=== Records to use ===
****************************************

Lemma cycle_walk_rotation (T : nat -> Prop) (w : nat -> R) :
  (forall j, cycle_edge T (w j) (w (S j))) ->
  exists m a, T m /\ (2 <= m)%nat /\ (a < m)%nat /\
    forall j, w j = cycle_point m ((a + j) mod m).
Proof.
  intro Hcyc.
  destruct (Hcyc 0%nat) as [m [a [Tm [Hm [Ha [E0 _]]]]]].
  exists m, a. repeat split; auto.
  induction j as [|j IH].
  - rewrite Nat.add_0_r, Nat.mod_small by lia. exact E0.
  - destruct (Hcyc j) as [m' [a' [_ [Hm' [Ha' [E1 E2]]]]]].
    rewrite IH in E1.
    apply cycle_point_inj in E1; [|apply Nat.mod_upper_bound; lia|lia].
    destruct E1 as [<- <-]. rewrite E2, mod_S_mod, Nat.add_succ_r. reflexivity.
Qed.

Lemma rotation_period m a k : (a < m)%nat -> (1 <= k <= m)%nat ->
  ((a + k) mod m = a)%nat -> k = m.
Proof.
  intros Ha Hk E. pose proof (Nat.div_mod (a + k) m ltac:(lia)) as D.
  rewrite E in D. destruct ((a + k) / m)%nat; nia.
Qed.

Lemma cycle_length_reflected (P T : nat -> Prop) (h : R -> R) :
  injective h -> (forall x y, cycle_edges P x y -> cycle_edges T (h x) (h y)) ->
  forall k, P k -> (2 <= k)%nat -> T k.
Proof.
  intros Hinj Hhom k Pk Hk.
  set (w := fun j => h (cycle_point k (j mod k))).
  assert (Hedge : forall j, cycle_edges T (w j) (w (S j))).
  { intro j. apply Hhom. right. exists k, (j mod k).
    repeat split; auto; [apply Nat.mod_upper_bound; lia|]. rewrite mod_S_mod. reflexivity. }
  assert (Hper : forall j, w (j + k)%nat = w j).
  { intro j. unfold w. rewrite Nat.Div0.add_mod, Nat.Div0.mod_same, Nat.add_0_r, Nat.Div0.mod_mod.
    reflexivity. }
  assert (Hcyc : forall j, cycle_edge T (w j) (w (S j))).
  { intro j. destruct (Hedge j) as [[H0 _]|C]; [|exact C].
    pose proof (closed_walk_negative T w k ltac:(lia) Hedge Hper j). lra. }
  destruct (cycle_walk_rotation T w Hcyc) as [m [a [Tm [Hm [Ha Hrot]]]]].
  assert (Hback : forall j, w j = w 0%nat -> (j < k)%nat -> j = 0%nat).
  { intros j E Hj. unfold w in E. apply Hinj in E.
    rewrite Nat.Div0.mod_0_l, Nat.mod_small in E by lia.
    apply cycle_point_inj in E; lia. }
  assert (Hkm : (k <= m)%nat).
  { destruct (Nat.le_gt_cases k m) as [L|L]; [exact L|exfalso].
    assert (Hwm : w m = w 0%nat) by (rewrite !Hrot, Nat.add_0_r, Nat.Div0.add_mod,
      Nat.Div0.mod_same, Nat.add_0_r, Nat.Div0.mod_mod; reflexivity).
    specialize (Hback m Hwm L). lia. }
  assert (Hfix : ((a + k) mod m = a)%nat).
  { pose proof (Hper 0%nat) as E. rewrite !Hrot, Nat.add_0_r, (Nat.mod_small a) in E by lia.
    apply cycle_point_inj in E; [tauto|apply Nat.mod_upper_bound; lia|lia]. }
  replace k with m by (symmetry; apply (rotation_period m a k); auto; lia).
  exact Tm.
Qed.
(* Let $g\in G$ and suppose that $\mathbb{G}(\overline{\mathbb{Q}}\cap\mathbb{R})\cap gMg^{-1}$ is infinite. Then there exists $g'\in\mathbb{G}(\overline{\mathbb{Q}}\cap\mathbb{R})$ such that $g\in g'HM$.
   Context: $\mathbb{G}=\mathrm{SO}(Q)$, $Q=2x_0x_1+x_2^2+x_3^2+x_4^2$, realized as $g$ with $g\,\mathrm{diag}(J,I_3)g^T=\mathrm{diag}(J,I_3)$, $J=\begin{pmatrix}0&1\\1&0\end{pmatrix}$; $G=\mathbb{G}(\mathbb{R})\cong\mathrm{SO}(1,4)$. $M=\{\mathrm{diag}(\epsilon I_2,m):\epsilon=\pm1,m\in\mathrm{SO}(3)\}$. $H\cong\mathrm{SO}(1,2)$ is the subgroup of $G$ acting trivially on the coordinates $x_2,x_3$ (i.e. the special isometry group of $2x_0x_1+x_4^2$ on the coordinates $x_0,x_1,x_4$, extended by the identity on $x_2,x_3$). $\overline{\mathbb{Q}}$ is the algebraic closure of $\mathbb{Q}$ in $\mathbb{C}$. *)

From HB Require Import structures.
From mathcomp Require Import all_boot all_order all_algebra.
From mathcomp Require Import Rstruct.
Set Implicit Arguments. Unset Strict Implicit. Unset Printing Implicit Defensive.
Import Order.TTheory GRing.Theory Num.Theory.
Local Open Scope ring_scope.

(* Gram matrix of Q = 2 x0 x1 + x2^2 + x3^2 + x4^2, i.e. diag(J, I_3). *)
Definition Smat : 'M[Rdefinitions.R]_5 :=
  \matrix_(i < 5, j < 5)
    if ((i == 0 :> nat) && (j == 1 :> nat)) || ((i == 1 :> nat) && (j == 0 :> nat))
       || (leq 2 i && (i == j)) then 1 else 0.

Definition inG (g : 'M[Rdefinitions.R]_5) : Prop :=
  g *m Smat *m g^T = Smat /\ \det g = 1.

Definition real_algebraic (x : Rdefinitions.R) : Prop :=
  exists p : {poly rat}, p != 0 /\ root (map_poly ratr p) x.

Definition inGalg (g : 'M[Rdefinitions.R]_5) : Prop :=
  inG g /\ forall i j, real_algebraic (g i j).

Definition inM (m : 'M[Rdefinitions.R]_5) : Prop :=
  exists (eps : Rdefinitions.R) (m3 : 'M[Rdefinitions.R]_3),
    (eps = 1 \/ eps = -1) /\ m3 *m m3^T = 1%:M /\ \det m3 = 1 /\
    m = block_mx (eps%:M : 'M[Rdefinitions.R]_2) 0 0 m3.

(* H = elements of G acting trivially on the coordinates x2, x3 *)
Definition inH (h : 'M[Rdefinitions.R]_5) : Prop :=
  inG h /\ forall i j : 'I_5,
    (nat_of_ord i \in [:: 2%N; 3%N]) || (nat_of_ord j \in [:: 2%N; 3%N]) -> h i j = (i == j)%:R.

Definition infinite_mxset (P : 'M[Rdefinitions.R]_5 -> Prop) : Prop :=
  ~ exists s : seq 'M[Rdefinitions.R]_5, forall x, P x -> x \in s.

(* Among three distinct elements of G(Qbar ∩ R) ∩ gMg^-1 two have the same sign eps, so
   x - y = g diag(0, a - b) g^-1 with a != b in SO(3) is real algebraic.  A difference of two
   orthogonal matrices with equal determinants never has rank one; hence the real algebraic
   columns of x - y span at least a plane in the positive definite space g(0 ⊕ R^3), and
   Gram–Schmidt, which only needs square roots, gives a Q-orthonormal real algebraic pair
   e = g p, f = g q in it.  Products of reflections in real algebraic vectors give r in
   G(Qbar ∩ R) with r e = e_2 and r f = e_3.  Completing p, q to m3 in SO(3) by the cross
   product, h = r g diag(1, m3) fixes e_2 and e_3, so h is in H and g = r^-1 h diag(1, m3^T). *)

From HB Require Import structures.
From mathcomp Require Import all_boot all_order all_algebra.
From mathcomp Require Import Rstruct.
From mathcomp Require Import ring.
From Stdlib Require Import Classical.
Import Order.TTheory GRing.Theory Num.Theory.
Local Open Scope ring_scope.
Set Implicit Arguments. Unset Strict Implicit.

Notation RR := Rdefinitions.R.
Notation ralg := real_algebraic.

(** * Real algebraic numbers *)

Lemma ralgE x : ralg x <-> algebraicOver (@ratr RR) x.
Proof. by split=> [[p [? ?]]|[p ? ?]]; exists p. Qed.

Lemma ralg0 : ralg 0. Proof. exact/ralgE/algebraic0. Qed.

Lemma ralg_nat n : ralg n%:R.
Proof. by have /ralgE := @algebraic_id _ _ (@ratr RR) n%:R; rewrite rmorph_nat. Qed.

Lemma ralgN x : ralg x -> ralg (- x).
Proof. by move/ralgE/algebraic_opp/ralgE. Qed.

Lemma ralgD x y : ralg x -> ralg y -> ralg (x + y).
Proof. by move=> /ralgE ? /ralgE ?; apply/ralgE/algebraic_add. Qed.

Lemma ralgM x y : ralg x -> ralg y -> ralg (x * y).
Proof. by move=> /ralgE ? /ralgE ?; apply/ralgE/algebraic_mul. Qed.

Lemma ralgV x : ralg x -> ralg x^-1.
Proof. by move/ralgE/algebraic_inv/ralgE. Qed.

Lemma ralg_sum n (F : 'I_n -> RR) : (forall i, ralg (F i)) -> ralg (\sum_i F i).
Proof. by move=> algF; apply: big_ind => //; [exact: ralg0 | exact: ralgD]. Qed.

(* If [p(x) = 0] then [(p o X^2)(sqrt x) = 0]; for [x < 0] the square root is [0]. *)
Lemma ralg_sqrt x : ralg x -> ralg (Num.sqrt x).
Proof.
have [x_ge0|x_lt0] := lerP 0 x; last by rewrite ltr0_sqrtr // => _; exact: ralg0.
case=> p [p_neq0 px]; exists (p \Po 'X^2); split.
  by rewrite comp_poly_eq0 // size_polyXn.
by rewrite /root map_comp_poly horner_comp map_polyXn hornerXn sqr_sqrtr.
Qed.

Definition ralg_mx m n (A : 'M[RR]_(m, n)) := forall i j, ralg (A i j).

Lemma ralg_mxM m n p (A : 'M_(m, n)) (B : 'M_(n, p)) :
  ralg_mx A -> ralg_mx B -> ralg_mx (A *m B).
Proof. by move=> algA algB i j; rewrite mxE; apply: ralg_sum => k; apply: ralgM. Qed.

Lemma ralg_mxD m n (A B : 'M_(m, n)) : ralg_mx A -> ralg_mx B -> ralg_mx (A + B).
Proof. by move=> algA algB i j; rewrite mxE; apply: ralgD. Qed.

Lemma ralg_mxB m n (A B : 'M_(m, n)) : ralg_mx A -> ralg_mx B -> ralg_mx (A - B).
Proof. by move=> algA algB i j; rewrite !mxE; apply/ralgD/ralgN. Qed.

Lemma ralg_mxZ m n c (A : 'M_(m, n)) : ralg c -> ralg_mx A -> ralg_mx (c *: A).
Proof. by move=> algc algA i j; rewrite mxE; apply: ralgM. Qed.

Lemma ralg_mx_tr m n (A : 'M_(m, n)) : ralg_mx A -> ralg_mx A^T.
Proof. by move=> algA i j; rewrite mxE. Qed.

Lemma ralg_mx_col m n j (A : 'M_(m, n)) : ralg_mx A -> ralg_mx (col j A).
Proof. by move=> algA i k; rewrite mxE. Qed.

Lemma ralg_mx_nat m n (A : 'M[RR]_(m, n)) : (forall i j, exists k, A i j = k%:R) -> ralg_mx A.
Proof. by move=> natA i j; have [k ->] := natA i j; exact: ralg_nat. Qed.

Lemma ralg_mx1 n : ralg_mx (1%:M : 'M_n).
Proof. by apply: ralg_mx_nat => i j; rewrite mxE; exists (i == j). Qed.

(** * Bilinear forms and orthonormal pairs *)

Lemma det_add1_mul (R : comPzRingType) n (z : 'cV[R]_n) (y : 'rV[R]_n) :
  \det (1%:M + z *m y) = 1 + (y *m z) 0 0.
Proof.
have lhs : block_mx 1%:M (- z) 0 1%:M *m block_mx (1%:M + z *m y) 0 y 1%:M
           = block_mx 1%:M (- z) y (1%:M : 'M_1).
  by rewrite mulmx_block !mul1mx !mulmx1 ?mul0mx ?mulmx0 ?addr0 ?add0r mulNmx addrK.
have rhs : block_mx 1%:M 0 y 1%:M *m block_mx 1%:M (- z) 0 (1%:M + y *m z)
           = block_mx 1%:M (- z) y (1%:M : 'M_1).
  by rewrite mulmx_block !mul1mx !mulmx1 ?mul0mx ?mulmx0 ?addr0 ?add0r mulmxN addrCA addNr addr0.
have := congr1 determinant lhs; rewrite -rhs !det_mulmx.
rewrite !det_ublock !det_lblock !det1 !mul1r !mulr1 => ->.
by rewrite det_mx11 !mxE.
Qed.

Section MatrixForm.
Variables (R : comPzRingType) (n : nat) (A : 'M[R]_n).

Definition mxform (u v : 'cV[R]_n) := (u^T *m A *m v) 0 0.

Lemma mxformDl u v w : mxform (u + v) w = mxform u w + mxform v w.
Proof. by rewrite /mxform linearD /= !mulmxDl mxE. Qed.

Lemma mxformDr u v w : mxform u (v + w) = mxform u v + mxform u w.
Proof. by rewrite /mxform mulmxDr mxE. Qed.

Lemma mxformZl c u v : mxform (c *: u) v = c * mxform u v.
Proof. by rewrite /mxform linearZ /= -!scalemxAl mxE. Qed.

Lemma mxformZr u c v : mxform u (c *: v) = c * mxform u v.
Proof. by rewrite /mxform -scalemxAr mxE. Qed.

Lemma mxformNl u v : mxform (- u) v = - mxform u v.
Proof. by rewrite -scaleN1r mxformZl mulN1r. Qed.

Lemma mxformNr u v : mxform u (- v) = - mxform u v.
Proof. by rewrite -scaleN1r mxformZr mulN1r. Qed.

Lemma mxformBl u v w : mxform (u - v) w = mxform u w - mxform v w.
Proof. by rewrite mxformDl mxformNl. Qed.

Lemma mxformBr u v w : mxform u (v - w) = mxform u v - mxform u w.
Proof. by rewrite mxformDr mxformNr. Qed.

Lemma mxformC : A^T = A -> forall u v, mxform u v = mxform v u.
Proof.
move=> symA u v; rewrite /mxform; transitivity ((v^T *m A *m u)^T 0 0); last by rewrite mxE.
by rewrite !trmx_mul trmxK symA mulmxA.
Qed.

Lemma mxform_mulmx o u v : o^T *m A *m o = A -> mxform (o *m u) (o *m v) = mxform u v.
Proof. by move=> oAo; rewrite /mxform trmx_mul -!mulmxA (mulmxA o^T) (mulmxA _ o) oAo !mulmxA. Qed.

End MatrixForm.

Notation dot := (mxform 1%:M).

****************************************

=== Task item ===
Your answer should be a single number: the count of lines above that contain the word "Strict".

=== Answer for the task ===
2